From an internal email of a very very big corporate company
Incident Background:
BIGPROJECT has been unavailable since APAC SOD due to a data refresh activity being wrongly triggered in from UAT to Production environments.Business Impact
- BIGPROJECT is unavailable for all users in the bank
- BIGPROJECT2 platform which sits on BIGPROJECT is unavailable this includes the Click-to-chat serviceCurrent Status
- Initial attempt of flashback Database to restore from the last good restore point failed due to errors due to absence of flashback logs– this was a quicker option, but now ruled out.
- Currently going ahead with full restoration in the Primary database – this activity is tentatively supposed to take 8-9 hours (in place of 6 hours earlier mentioned)
[…manual recovery instruction follows… ]
After 5 hours in another email they dare to say:
- Currently 32% of database back up is completed and will take approximately 8-14 hours.
Let’s explain
BIGPROJECT is THE trouble ticketing + change management internal software, so entire bank cannot delivery software today…
So what happen? We can try to translate the email in a more “ops-dev” way….
- Someone clicked a button, made a wrong “promote” in production and altered production database schema
- They were unable to restore the database using a trick called Oracle flashback.
- Their recovery strategy will take more then 14 hours to complete.

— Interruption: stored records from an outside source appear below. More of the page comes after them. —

(* The quiver is the octahedron: its twelve arrows are the g-orbits of these
   four arrows. *)
Definition oct_reps a := [:: f (f a); f (f (g (g (f (f a))))); f (f (g (f (f a))));
                             f (f (g (g (f (f (g (f (f a))))))))].

Definition oct a := flatten [seq traject g b 3 | b <- oct_reps a].

Lemma oct_f a b : b \in oct a -> f b \in oct a.
Proof.
move: b; apply/allP; rewrite /= !inE; oct_norm; by rewrite !eqxx ?orbT.
Qed.

Lemma oct_g a b : b \in oct a -> g b \in oct a.
Proof.
move: b; apply/allP; rewrite /= !inE; oct_norm; by rewrite !eqxx ?orbT.
Qed.

Lemma mem_oct_f a b : (f b \in oct a) = (b \in oct a).
Proof. by apply/idP/idP => [/oct_f/oct_f|/oct_f //]; rewrite f3. Qed.

Lemma oct_same_src a x y : s x = s y -> (x \in oct a) = (y \in oct a).
Proof.
suff oct_src u w : s u = s w -> w \in oct a -> u \in oct a.
  by move=> sxy; apply/idP/idP; apply: oct_src.
move=> suw; have : s u = t (f (f w)) by rewrite -s_f f3.
by case/out_arrows => -> /oct_f/oct_f; [move/oct_f | move/oct_g].
Qed.

Lemma mem_oct a b : b \in oct a.
Proof.
pose W := [pred v | [exists y, (s y == v) && (y \in oct a)]].
have W_src x : (s x \in W) = (x \in oct a).
  apply/existsP/idP => [[y /andP[/eqP sy]]|x_oct]; last by exists x; rewrite eqxx.
  by rewrite (oct_same_src a (esym sy)).
rewrite -W_src -(closed_connect _ (connected (s (f (f (f a)))) _)).
  by rewrite W_src mem_oct_f /= inE eqxx.
move=> u v /existsP[x /orP[]/andP[/eqP <- /eqP <-]];
by rewrite -s_f !W_src mem_oct_f.
Qed.

Lemma fconnect_g3 x y : fconnect g x y = (y \in [:: x; g x; g (g x)]).
Proof.
have gcycle : fcycle g [:: x; g x; g (g x)] by rewrite /= !eqxx g3 eqxx.
exact (fconnect_cycle gcycle (mem_head _ _) y).
Qed.

Lemma not_fconnect_g x y : y <> x -> y <> g x -> y <> g (g x) -> froot g x != froot g y.
Proof.
have g_sym : connect_sym (frel g) := fconnect_sym g_inj.
move=> n0 n1 n2; rewrite (root_connect g_sym) fconnect_g3 !inE.
by apply/negP; case/or3P => /eqP.
Qed.

(* Each coincidence of two of the four g-orbits, multiplied by a suitable word,
   normalises to one of f x = x, f (f x) = x or f (f (g x)) = x. *)
Ltac oct_absurd neq w E :=
  apply: neq; move: (congr1 w (esym E)) => /=; oct_norm; by [].

Lemma uniq_oct_roots a : uniq [seq froot g b | b <- oct_reps a].
Proof.
rewrite /= !inE !negb_or !not_fconnect_g //.
all: move=> E.
- oct_absurd (@ff_neq a) (fun x => f (f (g x))) E.
- oct_absurd (@ffg_neq a) (fun x => f (f (g x))) E.
- oct_absurd (@f_neq (g a)) f E.
- oct_absurd (@ffg_neq (f (f a))) (fun x => f (g x)) E.
- oct_absurd (@f_neq (g (f a))) (fun x => g (g x)) E.
- oct_absurd (@ff_neq (g a)) f E.
- oct_absurd (@f_neq (g a)) (fun x => g (g x)) E.
- oct_absurd (@ff_neq (g (g a))) (fun x : A => x) E.
- oct_absurd (@ffg_neq (f a)) (fun x => f (g x)) E.
- oct_absurd (@ff_neq (g (f a))) (fun x => g (g x)) E.
- oct_absurd (@ffg_neq (f a)) g E.
- oct_absurd (@f_neq a) (fun x => f (f (g x))) E.
- oct_absurd (@ffg_neq (f (f a))) (fun x => f (f (g x))) E.
- oct_absurd (@f_neq (g (g a))) (fun x : A => x) E.
- oct_absurd (@ff_neq a) g E.
- oct_absurd (@ff_neq (g (g a))) (fun x => f (g x)) E.
- oct_absurd (@ffg_neq a) (fun x => f (g (f x))) E.
- oct_absurd (@f_neq (g (f a))) (fun x => f (f x)) E.
Qed.

Lemma prod_froots a : \prod_(b | froot g b == b) c b = \prod_(b <- oct_reps a) c b.
Proof.
have g_sym : connect_sym (frel g) := fconnect_sym g_inj.
rewrite -big_filter (perm_big [seq froot g b | b <- oct_reps a]); last first.
  apply: uniq_perm; rewrite ?filter_uniq ?index_enum_uniq ?uniq_oct_roots // => b.
  rewrite mem_filter mem_index_enum andbT; apply/idP/mapP => [/eqP rb|[r _ ->]].
    have /flatten_mapP[r r_reps b_orb] := mem_oct a b.
    by exists r => //; rewrite -{1}rb; apply/(fingraph.rootP g_sym); rewrite g_sym fconnect_g3.
  exact: roots_root.
by rewrite big_map; apply: eq_bigr => b _; rewrite c_froot.
Qed.

Hypothesis prod_neq1 : \prod_(b | froot g b == b) c b != 1.

Lemma alp_diamond b : alp b = g (gam b).
Proof. by rewrite alp_iter order_g3. Qed.

Lemma eps_diamond b : eps b = g (g (gam b)).
Proof. by rewrite /eps /finv order_g3. Qed.

Lemma s_alp b : s (alp b) = s b.
Proof. by rewrite alp_diamond s_g t_gam. Qed.

Lemma alp_alp b : alp (alp b) = b.
Proof.
have : s b = t (gam (alp b)) by rewrite t_gam s_alp.
case/out_arrows => [|gb]; last by rewrite {2}gb alp_diamond.
rewrite /gam f3 => ab; move: (f_neq_g (gam b)).
by rewrite -alp_diamond -ab /gam f3 eqxx.
Qed.

(* Here uu and ww are empty and alp is an involution, so two steps of
   [zpath_step] return to [zpath a] with factor prod c, which is not 1. *)
Lemma zpath_ideal_diamond N a : ideal_upto N (vp (s a) (zpath a)).
Proof.
have step b q : vp (s b) (zpath b) q = genval (Gen 1 (s b) [::] (gam b) [:: g (f b)]) q
    + c (gam b) * (genval (Gen 1 (s b) (rcons (uu b) (alp b)) (del b) [::]) q
    + c (del b) * vp (s b) (zpath (alp b)) q).
  by rewrite zpath_step /uu /ww !order_g3.
set a' := alp a.
set lam1 := c (gam a) * c (del a); set lam2 := c (gam a') * c (del a').
have lam12 : lam1 * lam2 = \prod_(b | froot g b == b) c b.
  rewrite (prod_froots a) /lam1 /lam2 /a' /del !eps_diamond alp_diamond /gam.
  by rewrite !big_cons big_nil mulr1 !mulrA.
pose E b q := genval (Gen 1 (s b) [::] (gam b) [:: g (f b)]) q
    + c (gam b) * genval (Gen 1 (s b) (rcons (uu b) (alp b)) (del b) [::]) q.
have unit_lam : 1 - lam1 * lam2 != 0 by rewrite subr_eq0 eq_sym lam12.
have zpathE q : vp (s a) (zpath a) q = (1 - lam1 * lam2)^-1 * (E a q + lam1 * E a' q).
  apply: (mulfI unit_lam); rewrite mulVKf //.
  have step_a' := step a' q; rewrite /a' alp_alp s_alp -/a' in step_a'.
  rewrite mulrBl mul1r {1}step step_a' /E /lam1 /lam2 /a' s_alp alp_alp; ring.
have E_ideal b : ideal_upto N (E b).
  by apply: ideal_uptoD; [|apply: ideal_uptoZ]; apply: ideal_upto_genval.
apply: eq_ideal_upto (fun q => esym (zpathE q)) _.
by apply/ideal_uptoZ/ideal_uptoD; [|apply: ideal_uptoZ]; apply: E_ideal.
Qed.
End Diamond.

(** * Products of arrows with z_i *)

Lemma gtail_rcons x : gtail x ++ [:: x] = g x :: gtail (g x).
Proof.
have traject_gtail : traject g (g x) (order g x) = rcons (gtail x) x.
  rewrite /gtail -{1}(prednK (order_gt0 g x)) trajectSr -iterSr prednK ?order_gt0 //.
  by rewrite iter_order.
by rewrite /gtail (order_iter g_inj 1) -trajectS prednK ?order_gt0 // cats1 traject_gtail.
Qed.

Section ZpathIdeal.
Hypothesis zpath_ideal : forall N a, ideal_upto N (vp (s a) (zpath a)).

Lemma fcycle_self_ideal a N : ideal_upto N (vp (s a) [:: a; f a; f (f a); a]).
Proof.
set w := traject g (g (g (f a))) (order g (f a)).-2.
have gtailE : gtail (f a) = g (f a) :: w.
  by rewrite /gtail -trajectS prednK //; have := order_g_ge3 (f a); lia.
have pathE q : vp (s a) [:: a; f a; f (f a); a] q =
    genval (Gen 1 (s a) [:: a; f a] (f a) [::]) q + c (f a) * vp (s a) (zpath a ++ w) q.
  by rewrite genval_vpath /= eqxx mul1r cats0 /ftail f3 gtailE subrK.
apply: eq_ideal_upto (fun q => esym (pathE q)) _.
apply/ideal_uptoD/ideal_uptoZ; first exact: ideal_upto_genval.
have := ideal_upto_sandwich (u := [::]) w (erefl (s a)) (zpath_ideal N a).
by rewrite addn0 => /(ideal_upto_le (leq_addr _ _)).
Qed.

Lemma self_fcycle_g_ideal a N :
  ideal_upto N (vp (s a) [:: a; g a; f (g a); f (f (g a))]).
Proof.
have pathE q : vp (s a) [:: a; g a; f (g a); f (f (g a))] q =
    vp (s a) [:: a; f a; f (f a); a] q - genval (Gen 1 (s a) [:: a] a [:: a]) q
    + genval (Gen 1 (s a) [:: a; g a] (g a) [::]) q.
  by rewrite !genval_vpath /= !eqxx !mul1r !cats0 /ftail /= gtail_rcons c_g; ring.
apply: eq_ideal_upto (fun q => esym (pathE q)) _.
apply/ideal_uptoD/ideal_upto_genval/ideal_uptoB/ideal_upto_genval.
exact: fcycle_self_ideal.
Qed.

Lemma fcycle_g_self_ideal a N :
  ideal_upto N (vp (s a) [:: g (gam a); f (g (gam a)); f (f (g (gam a))); a]).
Proof.
set d := g (gam a).
have pathE q : vp (s a) [:: d; f d; f (f d); a] q =
    genval (Gen 1 (s a) [:: d] d [:: a]) q - genval (Gen 1 (s a) [::] (gam a) [:: gam a; a]) q
    + vp (s a) [:: a; f a; f (f a); a] q.
  rewrite !genval_vpath /endv /= t_gam !eqxx !mul1r.
  have -> : gtail (gam a) ++ [:: gam a; a] = d :: gtail d ++ [:: a].
    by rewrite -[[:: gam a; a]]cat1s catA gtail_rcons.
  rewrite /d c_g /gam !f3; ring.
apply: eq_ideal_upto (fun q => esym (pathE q)) _.
apply/ideal_uptoD/fcycle_self_ideal/ideal_uptoB; exact: ideal_upto_genval.
Qed.

Lemma arrow_zrep_jacobian al be :
  in_jacobian_ideal s t f g c (emul t (pathel K (s al) [:: al]) (zrep K s f be)).
Proof.
apply: ideal_upto_jacobian => N.
have prodE q : emul t (pathel K (s al) [:: al]) (zrep K s f be) q =
    if t al == s be then vp (s al) [:: al; be; f be; f (f be)] q else 0.
  rewrite (eq_emull t (x' := vp (s al) [:: al])); last first.
    by move=> q'; rewrite pathel_vp //= eqxx.
  rewrite (eq_emulr t _ (y' := vp (s be) [:: be; f be; f (f be)])); last first.
    by move=> q'; rewrite /zrep pathel_vp //= !s_f !eqxx.
  by rewrite emul_vpath.
apply: eq_ideal_upto (fun q => esym (prodE q)) _.
have [tal|_] := eqVneq (t al) (s be); last exact: ideal_upto_vanish.
have [->|->] := out_arrows (esym tal); last exact: self_fcycle_g_ideal.
by have := fcycle_self_ideal al N; rewrite f3.
Qed.

Lemma zrep_arrow_jacobian al be :
  in_jacobian_ideal s t f g c (emul t (zrep K s f be) (pathel K (s al) [:: al])).
Proof.
apply: ideal_upto_jacobian => N.
have prodE q : emul t (zrep K s f be) (pathel K (s al) [:: al]) q =
    if s be == s al then vp (s be) [:: be; f be; f (f be); al] q else 0.
  rewrite (eq_emull t (x' := vp (s be) [:: be; f be; f (f be)])); last first.
    by move=> q'; rewrite /zrep pathel_vp //= !s_f !eqxx.
  rewrite (eq_emulr t _ (y' := vp (s al) [:: al])); last first.
    by move=> q'; rewrite pathel_vp //= eqxx.
  by rewrite emul_vpath /endv /= -/(gam be) t_gam.
apply: eq_ideal_upto (fun q => esym (prodE q)) _.
have [sbe|_] := eqVneq (s be) (s al); last exact: ideal_upto_vanish.
have : s be = t (gam al) by rewrite t_gam.
case/out_arrows => ->; first by rewrite /gam f3; apply: fcycle_self_ideal.
by rewrite s_g t_gam; apply: fcycle_g_self_ideal.
Qed.
End ZpathIdeal.

Lemma zrep_annihilates_arrows :
  ((forall a, (4 <= order g a)%N \/ (4 <= order g (f a))%N) \/
   ((forall a, order g a = 3) /\ \prod_(b | froot g b == b) c b != 1)) ->
  forall al be,
    in_jacobian_ideal s t f g c (emul t (pathel K (s al) [:: al]) (zrep K s f be)) /\
    in_jacobian_ideal s t f g c (emul t (zrep K s f be) (pathel K (s al) [:: al])).
Proof.
move=> cases al be.
have zpath_ideal N a : ideal_upto N (vp (s a) (zpath a)).
  by case: cases => [star|[order_g3 prod_neq1]];
    [apply: zpath_ideal_star | apply: zpath_ideal_diamond].
by split; [apply: arrow_zrep_jacobian | apply: zrep_arrow_jacobian].
Qed.
End Quiver.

In the meantime the entire Bank cannot deploy anything.
Hope you did not have some urged need. - Keep in touch for some thrilling news (are you with us? you fainted?)
By the way oracle flashback is not meant to replace your backup.
DevOps is a mental state.
You must have a reasonable fast recovery procedure for mission critical application and it must be completely automatic. No a trial and error approach based on slow tape backups.